**What you will do:**
When the line containing "apply: ler_wpM2l; first by" is found in the data below, copy it and each line after it through the line containing "have dist_le n", exactly and with no others.

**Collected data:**
________________________________________

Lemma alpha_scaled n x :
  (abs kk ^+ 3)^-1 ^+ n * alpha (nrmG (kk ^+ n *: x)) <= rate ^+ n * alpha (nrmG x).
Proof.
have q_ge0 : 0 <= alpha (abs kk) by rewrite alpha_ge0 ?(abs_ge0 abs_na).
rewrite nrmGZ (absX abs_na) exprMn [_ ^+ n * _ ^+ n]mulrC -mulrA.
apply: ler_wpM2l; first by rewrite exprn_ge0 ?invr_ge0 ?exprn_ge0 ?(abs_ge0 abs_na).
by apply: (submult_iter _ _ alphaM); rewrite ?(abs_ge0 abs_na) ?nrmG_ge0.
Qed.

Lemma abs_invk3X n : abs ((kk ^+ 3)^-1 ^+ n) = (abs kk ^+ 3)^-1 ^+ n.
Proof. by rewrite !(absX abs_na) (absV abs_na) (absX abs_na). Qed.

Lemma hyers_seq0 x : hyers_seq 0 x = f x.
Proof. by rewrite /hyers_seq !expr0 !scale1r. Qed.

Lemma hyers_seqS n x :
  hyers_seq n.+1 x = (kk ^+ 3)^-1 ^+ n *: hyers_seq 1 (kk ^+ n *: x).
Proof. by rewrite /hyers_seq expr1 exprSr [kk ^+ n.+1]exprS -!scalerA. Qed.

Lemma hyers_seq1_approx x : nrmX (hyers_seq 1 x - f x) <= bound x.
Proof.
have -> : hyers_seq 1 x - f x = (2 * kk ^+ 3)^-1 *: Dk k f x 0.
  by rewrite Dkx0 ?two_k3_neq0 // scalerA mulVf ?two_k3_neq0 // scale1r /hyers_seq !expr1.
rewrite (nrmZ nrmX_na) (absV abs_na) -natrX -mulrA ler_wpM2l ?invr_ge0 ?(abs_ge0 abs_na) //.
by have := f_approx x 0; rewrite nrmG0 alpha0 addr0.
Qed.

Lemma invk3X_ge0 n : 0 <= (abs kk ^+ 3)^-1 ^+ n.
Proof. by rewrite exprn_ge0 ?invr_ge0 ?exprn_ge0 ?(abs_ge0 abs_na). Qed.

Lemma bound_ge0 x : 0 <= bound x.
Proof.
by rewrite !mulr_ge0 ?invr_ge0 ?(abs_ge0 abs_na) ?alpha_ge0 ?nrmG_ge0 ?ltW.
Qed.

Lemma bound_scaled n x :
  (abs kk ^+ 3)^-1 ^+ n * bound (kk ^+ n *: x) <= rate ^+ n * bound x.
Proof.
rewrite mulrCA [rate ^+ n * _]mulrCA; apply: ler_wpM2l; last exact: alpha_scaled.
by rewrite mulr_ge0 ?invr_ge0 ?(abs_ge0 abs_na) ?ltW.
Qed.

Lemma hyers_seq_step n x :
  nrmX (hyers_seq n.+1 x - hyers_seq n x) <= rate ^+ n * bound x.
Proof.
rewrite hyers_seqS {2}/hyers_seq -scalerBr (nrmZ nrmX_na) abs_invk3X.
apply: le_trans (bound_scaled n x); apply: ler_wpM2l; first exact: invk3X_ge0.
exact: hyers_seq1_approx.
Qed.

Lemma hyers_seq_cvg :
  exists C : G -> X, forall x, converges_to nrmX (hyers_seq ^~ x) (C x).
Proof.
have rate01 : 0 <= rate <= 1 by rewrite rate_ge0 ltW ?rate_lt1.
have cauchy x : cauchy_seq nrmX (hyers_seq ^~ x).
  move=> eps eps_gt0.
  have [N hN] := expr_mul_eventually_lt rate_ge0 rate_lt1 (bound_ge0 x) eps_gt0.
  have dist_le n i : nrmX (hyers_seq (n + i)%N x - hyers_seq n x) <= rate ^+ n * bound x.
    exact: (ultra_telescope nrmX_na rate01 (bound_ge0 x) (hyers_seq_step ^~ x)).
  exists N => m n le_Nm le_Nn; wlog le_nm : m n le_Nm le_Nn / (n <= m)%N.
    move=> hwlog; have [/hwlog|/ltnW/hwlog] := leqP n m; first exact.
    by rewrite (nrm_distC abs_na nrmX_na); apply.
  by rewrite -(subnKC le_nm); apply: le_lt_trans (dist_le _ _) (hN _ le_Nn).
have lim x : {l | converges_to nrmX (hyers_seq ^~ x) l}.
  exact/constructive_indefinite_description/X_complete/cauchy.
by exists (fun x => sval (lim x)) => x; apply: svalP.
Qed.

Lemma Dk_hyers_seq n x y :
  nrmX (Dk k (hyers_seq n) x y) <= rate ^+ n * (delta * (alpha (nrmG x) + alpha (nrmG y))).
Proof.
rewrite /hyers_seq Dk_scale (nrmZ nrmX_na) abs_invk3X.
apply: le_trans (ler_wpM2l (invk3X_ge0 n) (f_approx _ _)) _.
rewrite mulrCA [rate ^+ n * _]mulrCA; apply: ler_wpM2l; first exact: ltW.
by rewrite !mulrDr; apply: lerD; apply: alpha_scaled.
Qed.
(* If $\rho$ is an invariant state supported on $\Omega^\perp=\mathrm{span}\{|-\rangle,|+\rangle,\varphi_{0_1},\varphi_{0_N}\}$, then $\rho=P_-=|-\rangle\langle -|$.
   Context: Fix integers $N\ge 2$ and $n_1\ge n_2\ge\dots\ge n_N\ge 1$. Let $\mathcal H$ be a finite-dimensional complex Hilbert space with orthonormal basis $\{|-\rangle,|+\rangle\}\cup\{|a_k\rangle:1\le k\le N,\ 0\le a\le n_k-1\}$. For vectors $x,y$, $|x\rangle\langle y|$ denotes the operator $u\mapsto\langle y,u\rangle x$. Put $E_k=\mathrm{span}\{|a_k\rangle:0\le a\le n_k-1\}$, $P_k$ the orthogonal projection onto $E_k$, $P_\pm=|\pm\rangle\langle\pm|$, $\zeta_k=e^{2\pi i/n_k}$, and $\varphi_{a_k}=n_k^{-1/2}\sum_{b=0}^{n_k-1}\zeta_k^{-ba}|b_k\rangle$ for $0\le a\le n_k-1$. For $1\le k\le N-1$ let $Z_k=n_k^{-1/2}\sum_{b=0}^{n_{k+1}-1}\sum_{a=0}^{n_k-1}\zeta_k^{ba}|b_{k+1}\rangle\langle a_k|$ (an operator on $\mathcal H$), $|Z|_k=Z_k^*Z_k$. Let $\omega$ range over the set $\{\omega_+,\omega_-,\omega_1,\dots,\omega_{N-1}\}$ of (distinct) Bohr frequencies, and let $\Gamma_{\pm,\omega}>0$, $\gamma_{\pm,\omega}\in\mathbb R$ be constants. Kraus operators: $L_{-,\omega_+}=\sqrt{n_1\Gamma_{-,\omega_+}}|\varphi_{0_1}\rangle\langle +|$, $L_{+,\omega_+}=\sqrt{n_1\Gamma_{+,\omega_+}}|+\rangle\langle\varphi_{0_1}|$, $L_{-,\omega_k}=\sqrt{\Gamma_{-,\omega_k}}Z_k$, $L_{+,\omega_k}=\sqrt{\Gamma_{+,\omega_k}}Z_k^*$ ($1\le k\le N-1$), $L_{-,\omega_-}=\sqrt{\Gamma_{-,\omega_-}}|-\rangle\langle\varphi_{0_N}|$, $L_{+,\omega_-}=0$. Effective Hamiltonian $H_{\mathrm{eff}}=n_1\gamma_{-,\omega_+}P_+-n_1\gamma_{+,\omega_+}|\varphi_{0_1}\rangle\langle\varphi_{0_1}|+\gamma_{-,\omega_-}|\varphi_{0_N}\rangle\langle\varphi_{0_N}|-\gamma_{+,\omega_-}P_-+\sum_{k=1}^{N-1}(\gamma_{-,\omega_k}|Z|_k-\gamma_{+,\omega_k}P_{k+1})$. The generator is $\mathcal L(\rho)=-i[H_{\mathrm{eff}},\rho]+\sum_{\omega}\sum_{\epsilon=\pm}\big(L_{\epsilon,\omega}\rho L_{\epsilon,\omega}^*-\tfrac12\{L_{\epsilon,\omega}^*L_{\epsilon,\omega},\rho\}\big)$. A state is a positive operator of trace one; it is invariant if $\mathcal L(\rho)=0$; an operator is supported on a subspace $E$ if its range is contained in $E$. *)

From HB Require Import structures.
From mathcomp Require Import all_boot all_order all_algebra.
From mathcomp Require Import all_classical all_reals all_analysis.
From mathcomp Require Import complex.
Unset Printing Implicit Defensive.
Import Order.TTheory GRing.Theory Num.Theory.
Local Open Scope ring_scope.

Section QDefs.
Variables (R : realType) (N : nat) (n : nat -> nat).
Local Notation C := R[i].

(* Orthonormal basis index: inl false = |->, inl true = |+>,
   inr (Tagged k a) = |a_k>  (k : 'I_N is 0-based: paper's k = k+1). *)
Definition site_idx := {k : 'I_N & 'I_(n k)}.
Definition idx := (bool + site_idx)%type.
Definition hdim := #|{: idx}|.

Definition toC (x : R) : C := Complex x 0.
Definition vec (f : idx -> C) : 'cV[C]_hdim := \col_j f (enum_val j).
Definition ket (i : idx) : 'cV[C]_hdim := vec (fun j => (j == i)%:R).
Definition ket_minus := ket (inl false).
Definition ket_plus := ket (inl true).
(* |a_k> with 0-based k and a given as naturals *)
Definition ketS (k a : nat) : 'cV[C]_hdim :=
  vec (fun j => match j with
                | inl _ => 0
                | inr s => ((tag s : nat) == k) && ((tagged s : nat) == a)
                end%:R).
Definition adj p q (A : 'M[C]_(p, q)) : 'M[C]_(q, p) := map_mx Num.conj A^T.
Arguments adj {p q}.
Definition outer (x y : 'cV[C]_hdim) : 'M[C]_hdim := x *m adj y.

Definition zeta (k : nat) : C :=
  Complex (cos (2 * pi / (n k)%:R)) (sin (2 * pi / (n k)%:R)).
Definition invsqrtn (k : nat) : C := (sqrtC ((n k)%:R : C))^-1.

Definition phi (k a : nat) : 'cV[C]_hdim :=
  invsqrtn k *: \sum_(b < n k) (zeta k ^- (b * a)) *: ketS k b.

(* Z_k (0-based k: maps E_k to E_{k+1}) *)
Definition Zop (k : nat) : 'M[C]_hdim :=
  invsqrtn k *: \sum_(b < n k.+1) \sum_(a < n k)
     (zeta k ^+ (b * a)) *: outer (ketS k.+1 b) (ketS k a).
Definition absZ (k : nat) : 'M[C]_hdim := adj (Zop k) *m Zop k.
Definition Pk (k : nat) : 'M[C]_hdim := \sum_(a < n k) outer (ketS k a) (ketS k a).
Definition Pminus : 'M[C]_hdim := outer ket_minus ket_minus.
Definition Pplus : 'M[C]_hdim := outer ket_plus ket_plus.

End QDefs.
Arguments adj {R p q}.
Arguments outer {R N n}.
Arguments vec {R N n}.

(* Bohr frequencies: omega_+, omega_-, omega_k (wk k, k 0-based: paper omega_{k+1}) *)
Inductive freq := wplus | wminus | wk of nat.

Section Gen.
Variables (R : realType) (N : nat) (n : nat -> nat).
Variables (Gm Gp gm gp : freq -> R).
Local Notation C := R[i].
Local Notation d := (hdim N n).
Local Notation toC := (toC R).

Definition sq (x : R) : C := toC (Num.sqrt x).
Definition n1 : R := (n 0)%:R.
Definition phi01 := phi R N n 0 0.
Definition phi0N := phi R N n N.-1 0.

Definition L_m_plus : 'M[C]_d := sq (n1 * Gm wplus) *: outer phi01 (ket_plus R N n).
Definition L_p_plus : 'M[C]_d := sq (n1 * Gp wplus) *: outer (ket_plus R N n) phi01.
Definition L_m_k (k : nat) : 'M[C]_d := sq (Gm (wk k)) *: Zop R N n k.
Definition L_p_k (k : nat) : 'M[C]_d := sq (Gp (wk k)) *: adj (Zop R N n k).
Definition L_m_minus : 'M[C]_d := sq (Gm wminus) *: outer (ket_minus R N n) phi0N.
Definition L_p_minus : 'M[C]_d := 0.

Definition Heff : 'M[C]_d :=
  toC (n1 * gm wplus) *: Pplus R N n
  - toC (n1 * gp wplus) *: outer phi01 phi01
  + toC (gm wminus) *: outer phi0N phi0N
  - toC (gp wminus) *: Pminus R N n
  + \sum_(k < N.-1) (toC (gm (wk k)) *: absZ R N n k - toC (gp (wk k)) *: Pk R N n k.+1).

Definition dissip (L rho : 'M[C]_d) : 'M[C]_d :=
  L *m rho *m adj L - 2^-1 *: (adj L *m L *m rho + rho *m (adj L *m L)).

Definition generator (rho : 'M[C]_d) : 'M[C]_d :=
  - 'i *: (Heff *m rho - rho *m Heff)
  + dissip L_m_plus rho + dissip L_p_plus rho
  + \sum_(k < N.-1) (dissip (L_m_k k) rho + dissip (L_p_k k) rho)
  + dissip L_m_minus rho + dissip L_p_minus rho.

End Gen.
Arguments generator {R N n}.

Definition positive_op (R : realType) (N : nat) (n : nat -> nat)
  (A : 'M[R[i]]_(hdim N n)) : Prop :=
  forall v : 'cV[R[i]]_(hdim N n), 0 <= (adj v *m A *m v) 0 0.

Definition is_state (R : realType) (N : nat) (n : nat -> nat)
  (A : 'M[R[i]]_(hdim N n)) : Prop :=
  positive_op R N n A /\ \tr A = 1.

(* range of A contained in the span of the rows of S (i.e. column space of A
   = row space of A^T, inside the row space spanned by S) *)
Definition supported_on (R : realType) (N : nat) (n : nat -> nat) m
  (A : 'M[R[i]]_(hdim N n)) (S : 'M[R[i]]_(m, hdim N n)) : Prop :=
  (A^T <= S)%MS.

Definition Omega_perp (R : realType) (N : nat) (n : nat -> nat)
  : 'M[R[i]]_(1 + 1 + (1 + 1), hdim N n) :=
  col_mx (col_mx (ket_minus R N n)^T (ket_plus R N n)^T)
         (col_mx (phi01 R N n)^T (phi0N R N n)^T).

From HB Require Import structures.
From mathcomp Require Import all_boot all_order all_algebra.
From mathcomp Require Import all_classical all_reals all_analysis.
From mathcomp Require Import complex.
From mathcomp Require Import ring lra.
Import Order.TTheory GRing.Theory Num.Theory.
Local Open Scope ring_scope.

________________________________________

**Your solution:**
apply: ler_wpM2l; first by rewrite exprn_ge0 ?invr_ge0 ?exprn_ge0 ?(abs_ge0 abs_na).
by apply: (submult_iter _ _ alphaM); rewrite ?(abs_ge0 abs_na) ?nrmG_ge0.
Qed.

Lemma abs_invk3X n : abs ((kk ^+ 3)^-1 ^+ n) = (abs kk ^+ 3)^-1 ^+ n.
Proof. by rewrite !(absX abs_na) (absV abs_na) (absX abs_na). Qed.

Lemma hyers_seq0 x : hyers_seq 0 x = f x.
Proof. by rewrite /hyers_seq !expr0 !scale1r. Qed.

Lemma hyers_seqS n x :
  hyers_seq n.+1 x = (kk ^+ 3)^-1 ^+ n *: hyers_seq 1 (kk ^+ n *: x).
Proof. by rewrite /hyers_seq expr1 exprSr [kk ^+ n.+1]exprS -!scalerA. Qed.

Lemma hyers_seq1_approx x : nrmX (hyers_seq 1 x - f x) <= bound x.
Proof.
have -> : hyers_seq 1 x - f x = (2 * kk ^+ 3)^-1 *: Dk k f x 0.
  by rewrite Dkx0 ?two_k3_neq0 // scalerA mulVf ?two_k3_neq0 // scale1r /hyers_seq !expr1.
rewrite (nrmZ nrmX_na) (absV abs_na) -natrX -mulrA ler_wpM2l ?invr_ge0 ?(abs_ge0 abs_na) //.
by have := f_approx x 0; rewrite nrmG0 alpha0 addr0.
Qed.

Lemma invk3X_ge0 n : 0 <= (abs kk ^+ 3)^-1 ^+ n.
Proof. by rewrite exprn_ge0 ?invr_ge0 ?exprn_ge0 ?(abs_ge0 abs_na). Qed.

Lemma bound_ge0 x : 0 <= bound x.
Proof.
by rewrite !mulr_ge0 ?invr_ge0 ?(abs_ge0 abs_na) ?alpha_ge0 ?nrmG_ge0 ?ltW.
Qed.

Lemma bound_scaled n x :
  (abs kk ^+ 3)^-1 ^+ n * bound (kk ^+ n *: x) <= rate ^+ n * bound x.
Proof.
rewrite mulrCA [rate ^+ n * _]mulrCA; apply: ler_wpM2l; last exact: alpha_scaled.
by rewrite mulr_ge0 ?invr_ge0 ?(abs_ge0 abs_na) ?ltW.
Qed.

Lemma hyers_seq_step n x :
  nrmX (hyers_seq n.+1 x - hyers_seq n x) <= rate ^+ n * bound x.
Proof.
rewrite hyers_seqS {2}/hyers_seq -scalerBr (nrmZ nrmX_na) abs_invk3X.
apply: le_trans (bound_scaled n x); apply: ler_wpM2l; first exact: invk3X_ge0.
exact: hyers_seq1_approx.
Qed.

Lemma hyers_seq_cvg :
  exists C : G -> X, forall x, converges_to nrmX (hyers_seq ^~ x) (C x).
Proof.
have rate01 : 0 <= rate <= 1 by rewrite rate_ge0 ltW ?rate_lt1.
have cauchy x : cauchy_seq nrmX (hyers_seq ^~ x).
  move=> eps eps_gt0.
  have [N hN] := expr_mul_eventually_lt rate_ge0 rate_lt1 (bound_ge0 x) eps_gt0.
  have dist_le n i : nrmX (hyers_seq (n + i)%N x - hyers_seq n x) <= rate ^+ n * bound x.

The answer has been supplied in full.